From the cohort, 198 patients were found with DSA and 818 with non-DSA. DSA development, though not non-DSA development was found by the authors to be “predictive of graft failure”. Patients with antibodies were offered tailored regimens, and monitored to encourage adherence.  Patients were stratified by HLA Ab status, “to generate three groups within each arm (DSA+, non-DSA+ or HLA Ab-negative)”, as well as by current immunosuppression “to ensure balanced numbers specific immunosuppressives”, and also by site.

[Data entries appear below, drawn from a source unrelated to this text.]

Lemma nuc_norm_eigenframe m n (A : 'M[R]_(m, n)) :
  exists Pr Pi : 'M[R]_n, exists d : 'rV[R]_n,
  [/\ A^T *m A *m Pr = Pr *m diag_mx d, A^T *m A *m Pi = Pi *m diag_mx d,
      Pr *m Pr^T + Pi *m Pi^T = 1%:M, Pr^T *m Pr + Pi^T *m Pi = 1%:M &
      nuc_norm A = \sum_i Num.sqrt (d 0 i)].
Proof.
have G_sym : (A^T *m A)^T = A^T *m A by rewrite trmx_mul trmxK.
have [Pr [Pi [d [GPr GPi tight dual cp]]]] := sym_eigenframe G_sym.
by exists Pr, Pi, d; rewrite (nuc_norm_eigenE cp).
Qed.

Lemma nuc_norm_ge_frob_dot m n (Q A : 'M[R]_(m, n)) :
  mx_contraction Q -> frob_dot Q A <= nuc_norm A.
Proof.
have [Pr [Pi [d [GPr GPi tight dual ->]]]] := nuc_norm_eigenframe A.
exact: (frob_dot_le_sum_sqrt GPr GPi).
Qed.

Lemma nuc_norm_dual m n (A : 'M[R]_(m, n)) :
  exists2 Q : 'M[R]_(m, n), mx_contraction Q & frob_dot Q A = nuc_norm A.
Proof.
have [Pr [Pi [d [GPr GPi tight dual ->]]]] := nuc_norm_eigenframe A.
exists (A *m frame_fun Pr Pi d (fun t => (Num.sqrt t)^-1)).
  exact: (frame_inv_sqrt_contraction GPr GPi).
exact: (frob_dot_frame_inv_sqrt GPr GPi).
Qed.

Lemma nuc_norm_mulmxr_le m k n (A : 'M[R]_(m, k)) (M : 'M[R]_(k, n)) :
  mx_contraction M^T -> nuc_norm (A *m M) <= nuc_norm A.
Proof.
move=> M_contr; have [Q Q_contr <-] := nuc_norm_dual (A *m M).
rewrite frob_dot_mulmxr; apply: nuc_norm_ge_frob_dot => x.
by rewrite -mulmxA; apply: le_trans (Q_contr _) (M_contr _).
Qed.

The authors state that their results “confirm the prognostic value of monitoring DSA” but fail to show any statistically significant change to graft failure rates with optimised oral immunosuppression, with “confirmatory 95% confidence intervals for hazard ratios that included the null value”. They found that 15–20% of grafts failed for DSA-positive patients, compared with 7% for negative patients, but for those undergoing immunosuppression optimisation “we failed to see an impact on time to graft failure”. While rejection was reduced by immunosuppression, this did not translate into decreased rates of transplant failure.

Speaking on the implications of their findings, Stringer et al state that the data “will impact significantly on how transplant centres around the world organise their post-transplant monitoring”. They make the case that it should also spark an international effort to find new approaches to the question of ensuring graft success.